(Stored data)
(* Let $\mathbb{T}$ be a bounded time scale, $\alpha=\inf\mathbb{T}$, $\beta=\rho(\sup\mathbb{T})$ with $\alpha\neq\beta$, let $a\in\mathbb{T}^{\kappa}$, and let $q$ be a real-valued continuous function. Consider the boundary value problem consisting of $$-y^{\Delta\Delta}(t)+q(t)\,y(a)=\lambda\, y^{\sigma}(t),\qquad t\in\mathbb{T}^{\kappa^{2}},$$ together with the boundary conditions $U(y)=0$, $V(y)=0$, where $$U(y)=a_{11}y(\alpha)+a_{12}y^{\Delta}(\alpha)+a_{21}y(\beta)+a_{22}y^{\Delta}(\beta),\qquad V(y)=b_{11}y(\alpha)+b_{12}y^{\Delta}(\alpha)+b_{21}y(\beta)+b_{22}y^{\Delta}(\beta),$$ with real coefficients $a_{ij},b_{ij}$ ($i,j=1,2$). Let $S(t,\lambda)$, $C(t,\lambda)$ be the solutions of the equation with $S(a,\lambda)=0$, $S^{\Delta}(a,\lambda)=1$, $C(a,\lambda)=1$, $C^{\Delta}(a,\lambda)=0$, and define $$\Delta(\lambda)=\det\begin{pmatrix}U(C) & V(C)\\ U(S) & V(S)\end{pmatrix}=U(C(\cdot,\lambda))V(S(\cdot,\lambda))-V(C(\cdot,\lambda))U(S(\cdot,\lambda)).$$ Then the zeros of $\Delta(\lambda)$ coincide with the eigenvalues of this boundary value problem (i.e. with the values $\lambda\in\mathbb{C}$ for which the problem has a nontrivial solution).
   Context: For a time scale $\mathbb{T}$, $\sigma$ and $\rho$ are the forward and backward jump operators, $y^{\sigma}=y\circ\sigma$, $y^{\Delta}$ and $y^{\Delta\Delta}$ are the first and second delta derivatives, $\mathbb{T}^{\kappa}=\mathbb{T}\setminus(\rho(\sup\mathbb{T}),\sup\mathbb{T}]$, $\mathbb{T}^{\kappa^2}=(\mathbb{T}^{\kappa})^{\kappa}$. $\lambda\in\mathbb{C}$ is the spectral parameter. *)

From Stdlib Require Import Reals.
From Coquelicot Require Import Coquelicot.
Open Scope R_scope.

Definition is_time_scale (T : R -> Prop) : Prop :=
  (exists t, T t) /\
  (forall x, (forall eps, 0 < eps -> exists s, T s /\ Rabs (s - x) < eps) -> T x).

Definition bounded_set (T : R -> Prop) : Prop :=
  exists M, forall t, T t -> Rabs t <= M.

(** sup and inf of T (meaningful for nonempty bounded T). *)
Definition sup_ts (T : R -> Prop) : R :=
  match Lub_Rbar T with Finite x => x | _ => 0 end.
Definition inf_ts (T : R -> Prop) : R :=
  match Glb_Rbar T with Finite x => x | _ => 0 end.

(** Forward jump sigma(t) = inf {s in T | s > t}, with inf emptyset = t;
    backward jump rho(t) = sup {s in T | s < t}, with sup emptyset = t. *)
Definition sigma_ts (T : R -> Prop) (t : R) : R :=
  match Glb_Rbar (fun s => T s /\ t < s) with Finite x => x | _ => t end.
Definition rho_ts (T : R -> Prop) (t : R) : R :=
  match Lub_Rbar (fun s => T s /\ s < t) with Finite x => x | _ => t end.

Definition kappa_ts (T : R -> Prop) (t : R) : Prop :=
  T t /\ ~ (rho_ts T (sup_ts T) < t /\ t <= sup_ts T).

Definition is_delta_deriv (T : R -> Prop) (f : R -> C) (t : R) (d : C) : Prop :=
  forall eps, 0 < eps -> exists delta, 0 < delta /\
    forall s, T s -> Rabs (t - s) < delta ->
      Cmod (Cminus (Cminus (f (sigma_ts T t)) (f s))
                   (Cmult d (RtoC (sigma_ts T t - s))))
        <= eps * Rabs (sigma_ts T t - s).

Definition continuous_on_ts (T : R -> Prop) (q : R -> R) : Prop :=
  forall t, T t -> forall eps, 0 < eps -> exists delta, 0 < delta /\
    forall s, T s -> Rabs (s - t) < delta -> Rabs (q s - q t) < eps.

(** y solves -y^{DD}(t) + q(t) y(a) = lam y^sigma(t), t in T^{kappa^2};
    y1 is the delta derivative y^D of y on T^kappa. *)
Definition is_solution (T : R -> Prop) (q : R -> R) (a : R) (lam : C)
    (y y1 : R -> C) : Prop :=
  (forall t, kappa_ts T t -> is_delta_deriv T y t (y1 t)) /\
  exists y2 : R -> C,
    forall t, kappa_ts (kappa_ts T) t ->
      is_delta_deriv (kappa_ts T) y1 t (y2 t) /\
      Cplus (Copp (y2 t)) (Cmult (RtoC (q t)) (y a))
        = Cmult lam (y (sigma_ts T t)).

Definition bform (c11 c12 c21 c22 al be : R) (y y1 : R -> C) : C :=
  Cplus (Cplus (Cmult (RtoC c11) (y al)) (Cmult (RtoC c12) (y1 al)))
        (Cplus (Cmult (RtoC c21) (y be)) (Cmult (RtoC c22) (y1 be))).

Definition is_eigenvalue (T : R -> Prop) (q : R -> R) (a : R)
    (a11 a12 a21 a22 b11 b12 b21 b22 : R) (lam : C) : Prop :=
  let al := inf_ts T in let be := rho_ts T (sup_ts T) in
  exists y y1 : R -> C,
    is_solution T q a lam y y1 /\
    bform a11 a12 a21 a22 al be y y1 = RtoC 0 /\
    bform b11 b12 b21 b22 al be y y1 = RtoC 0 /\
    exists t, T t /\ y t <> RtoC 0.

(** The eigenvalue problem reduces to linear algebra once the initial value
    problem at [a] is known to be uniquely solvable.  If [y] solves the
    equation with [y(a) = y^Δ(a) = 0], the nonlocal term [q(t) y(a)] drops out
    and [(y, y^Δ)] solves the homogeneous system [z^Δ = z1], [z1^Δ = -λ z^σ].
    The size [N = |z| + |z1|] of its state obeys the Gronwall bound
    [N(t) <= N(a) exp((2 + |λ|) |t - a|)] in both time directions, proved by
    induction on the time scale: across a right-scattered point by the
    recursion at [σ], near a right-dense point by the derivative, and at a
    left-dense point by continuity.  Hence every solution is
    [y(a) C + y^Δ(a) S], and [U(y) = V(y) = 0] becomes a 2x2 linear system in
    [(y(a), y^Δ(a))] whose determinant is [Δ(λ)]. *)

From Stdlib Require Import Reals Lra Classical.
From Coquelicot Require Import Coquelicot.
Open Scope R_scope.

(** * Extrema of closed sets *)

Lemma Lub_Rbar_finite (E : R -> Prop) x0 B :
  E x0 -> (forall x, E x -> x <= B) ->
  exists l, Lub_Rbar E = Finite l /\ (forall x, E x -> x <= l) /\
    (forall b, (forall x, E x -> x <= b) -> l <= b).
Proof.
  intros Ex0 HB. destruct (Lub_Rbar_correct E) as [Hub Hlub].
  destruct (Lub_Rbar E) as [l| |].
  - exists l. repeat split; [exact Hub | intros b Hb; exact (Hlub (Finite b) Hb)].
  - destruct (Hlub (Finite B) HB).
  - destruct (Hub x0 Ex0).
Qed.

Lemma Glb_Rbar_finite (E : R -> Prop) x0 B :
  E x0 -> (forall x, E x -> B <= x) ->
  exists l, Glb_Rbar E = Finite l /\ (forall x, E x -> l <= x) /\
    (forall b, (forall x, E x -> b <= x) -> b <= l).
Proof.
  intros Ex0 HB. destruct (Glb_Rbar_correct E) as [Hlb Hglb].
  destruct (Glb_Rbar E) as [l| |].
  - exists l. repeat split; [exact Hlb | intros b Hb; exact (Hglb (Finite b) Hb)].
  - destruct (Hlb x0 Ex0).
  - destruct (Hglb (Finite B) HB).
Qed.

Lemma Glb_Rbar_empty (E : R -> Prop) : (forall x, ~ E x) -> Glb_Rbar E = p_infty.
Proof.
  intros HE. apply is_glb_Rbar_unique. split.
  - intros x Ex. destruct (HE x Ex).
  - intros [b| |] _; simpl; auto.
Qed.

Lemma Lub_Rbar_empty (E : R -> Prop) : (forall x, ~ E x) -> Lub_Rbar E = m_infty.
Proof.
  intros HE. apply is_lub_Rbar_unique. split.
  - intros x Ex. destruct (HE x Ex).
  - intros [b| |] _; simpl; auto.
Qed.

Lemma lub_approx (E : R -> Prop) l :
  (forall b, (forall x, E x -> x <= b) -> l <= b) ->
  forall e, 0 < e -> exists x, E x /\ l - e < x.
Proof.
  intros Hl e He. apply NNPP. intros Hn.
  enough (l <= l - e) by lra.
  apply Hl. intros x Ex. apply Rnot_lt_le. intros Hx. apply Hn. eauto.
Qed.

Lemma glb_approx (E : R -> Prop) l :
  (forall b, (forall x, E x -> b <= x) -> b <= l) ->
  forall e, 0 < e -> exists x, E x /\ x < l + e.
Proof.
  intros Hl e He. apply NNPP. intros Hn.
  enough (l + e <= l) by lra.
  apply Hl. intros x Ex. apply Rnot_lt_le. intros Hx. apply Hn. eauto.
Qed.

Section ClosedSets.

Variable T : R -> Prop.
Hypothesis HT : is_time_scale T.

Lemma ts_lub_mem (E : R -> Prop) l : (forall x, E x -> T x) ->
  (forall x, E x -> x <= l) -> (forall b, (forall x, E x -> x <= b) -> l <= b) ->
  T l.
Proof.
  intros HE Hub Hl. apply (proj2 HT). intros e He.
  destruct (lub_approx E l Hl e He) as [x [Ex Hx]].
  exists x. split; [auto|]. specialize (Hub x Ex). apply Rabs_def1; lra.
Qed.

Lemma ts_glb_mem (E : R -> Prop) l : (forall x, E x -> T x) ->
  (forall x, E x -> l <= x) -> (forall b, (forall x, E x -> b <= x) -> b <= l) ->
  T l.
Proof.
  intros HE Hlb Hl. apply (proj2 HT). intros e He.
  destruct (glb_approx E l Hl e He) as [x [Ex Hx]].
  exists x. split; [auto|]. specialize (Hlb x Ex). apply Rabs_def1; lra.
Qed.

End ClosedSets.

Lemma is_time_scale_opp T : is_time_scale T -> is_time_scale (fun x => T (- x)).
Proof.
  intros [[t Ht] Hclosed]. split.
  - exists (- t). rewrite Ropp_involutive. exact Ht.
  - intros x Hx. apply Hclosed. intros e He.
    destruct (Hx e He) as [s [Hs Hsx]]. exists (- s). split; [exact Hs|].
    replace (- s - - x) with (- (s - x)) by ring. rewrite Rabs_Ropp. exact Hsx.
Qed.

(** * Jump operators and induction on time scales *)

Definition right_dense (T : R -> Prop) (t : R) : Prop :=
  forall d, 0 < d -> exists s, T s /\ t < s < t + d.

Definition left_dense (T : R -> Prop) (t : R) : Prop :=
  forall d, 0 < d -> exists s, T s /\ t - d < s < t.

Definition no_point_between (T : R -> Prop) (t s : R) : Prop :=
  forall u, T u -> ~ (t < u < s).

Lemma sigma_right_dense T t : right_dense T t -> sigma_ts T t = t.
Proof.
  intros Hrd. destruct (Hrd 1 Rlt_0_1) as [s0 [Ts0 Hs0]].
  destruct (Glb_Rbar_finite (fun s => T s /\ t < s) s0 t) as [g [Hg [Hlb Hglb]]];
    [tauto | intros x [_ Hx]; lra |].
  unfold sigma_ts. rewrite Hg.
  assert (t <= g) by (apply Hglb; intros x [_ Hx]; lra).
  apply Rle_antisym; [|assumption]. apply Rnot_lt_le. intros Htg.
  destruct (Hrd (g - t)) as [s [Ts Hs]]; [lra|].
  specialize (Hlb s (conj Ts (proj1 Hs))). lra.
Qed.

Lemma sigma_next T t s : T s -> t < s -> no_point_between T t s -> sigma_ts T t = s.
Proof.
  intros Ts Hts Hnp.
  destruct (Glb_Rbar_finite (fun u => T u /\ t < u) s t) as [g [Hg [Hlb Hglb]]];
    [tauto | intros x [_ Hx]; lra |].
  unfold sigma_ts. rewrite Hg. apply Rle_antisym.
  - apply Hlb. tauto.
  - apply Hglb. intros u [Tu Hu]. apply Rnot_lt_le. intros Hus. exact (Hnp u Tu (conj Hu Hus)).
Qed.

Lemma sigma_max T t : (forall s, T s -> s <= t) -> sigma_ts T t = t.
Proof.
  intros Hmax. unfold sigma_ts. rewrite Glb_Rbar_empty; [reflexivity|].
  intros x [Tx Hx]. specialize (Hmax x Tx). lra.
Qed.

Lemma rho_fixed_left_dense T t : (exists s, T s /\ s < t) -> rho_ts T t = t ->
  left_dense T t.
Proof.
  intros [s0 [Ts0 Hs0]] Hrho d Hd.
  destruct (Lub_Rbar_finite (fun u => T u /\ u < t) s0 t) as [l [Hl [_ Hlub]]];
    [tauto | intros x [_ Hx]; lra |].
  unfold rho_ts in Hrho. rewrite Hl in Hrho. subst l.
  destruct (lub_approx _ t Hlub d Hd) as [s [[Ts Hs] Hsd]]. eauto.
Qed.

Section Neighbours.

Variable T : R -> Prop.
Hypothesis HT : is_time_scale T.

Lemma right_scattered_next t s0 : T s0 -> t < s0 -> ~ right_dense T t ->
  exists s, T s /\ t < s <= s0 /\ no_point_between T t s.
Proof.
  intros Ts0 Hts0 Hnrd.
  destruct (Glb_Rbar_finite (fun u => T u /\ t < u) s0 t) as [g [_ [Hlb Hglb]]];
    [tauto | intros x [_ Hx]; lra |].
  assert (Htg : t <= g) by (apply Hglb; intros x [_ Hx]; lra).
  assert (Hgt : g <> t).
  { intros ->. apply Hnrd. intros d Hd.
    destruct (glb_approx _ t Hglb d Hd) as [s [[Ts Hs] Hsd]]. eauto. }
  exists g. repeat split.
  - apply (ts_glb_mem T HT (fun u => T u /\ t < u)); tauto.
  - lra.
  - apply Hlb. tauto.
  - intros u Tu [Htu Hug]. specialize (Hlb u (conj Tu Htu)). lra.
Qed.

Lemma left_scattered_prev t s0 : T s0 -> s0 < t -> ~ left_dense T t ->
  exists r, T r /\ s0 <= r < t /\ no_point_between T r t.
Proof.
  intros Ts0 Hs0t Hnld.
  destruct (Lub_Rbar_finite (fun u => T u /\ u < t) s0 t) as [l [_ [Hub Hlub]]];
    [tauto | intros x [_ Hx]; lra |].
  assert (Hlt : l <= t) by (apply Hlub; intros x [_ Hx]; lra).
  assert (Hl : l <> t).
  { intros ->. apply Hnld. intros d Hd.
    destruct (lub_approx _ t Hlub d Hd) as [s [[Ts Hs] Hsd]]. eauto. }
  exists l. repeat split.
  - apply (ts_lub_mem T HT (fun u => T u /\ u < t)); tauto.
  - apply Hub. tauto.
  - lra.
  - intros u Tu [Hlu Hut]. specialize (Hub u (conj Tu Hut)). lra.
Qed.

Lemma sigma_cases t :
  right_dense T t \/
  (exists s, T s /\ t < s /\ no_point_between T t s) \/
  (forall s, T s -> s <= t).
Proof.
  destruct (classic (right_dense T t)) as [Hrd|Hnrd]; [left; exact Hrd|right].
  destruct (classic (exists s, T s /\ t < s)) as [[s0 [Ts0 Hs0]]|Habove].
  - left. destruct (right_scattered_next t s0 Ts0 Hs0 Hnrd) as [s [Ts [Hs Hnp]]].
    exists s. repeat split; tauto || lra.
  - right. intros s Ts. apply Rnot_lt_le. intros Hts. apply Habove. eauto.
Qed.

■ **Problem to work on**
Look through the records and gather each line with the word "Reals".

■ **Solved exercise**
From Stdlib Require Import Reals.
From Stdlib Require Import Reals Lra Classical.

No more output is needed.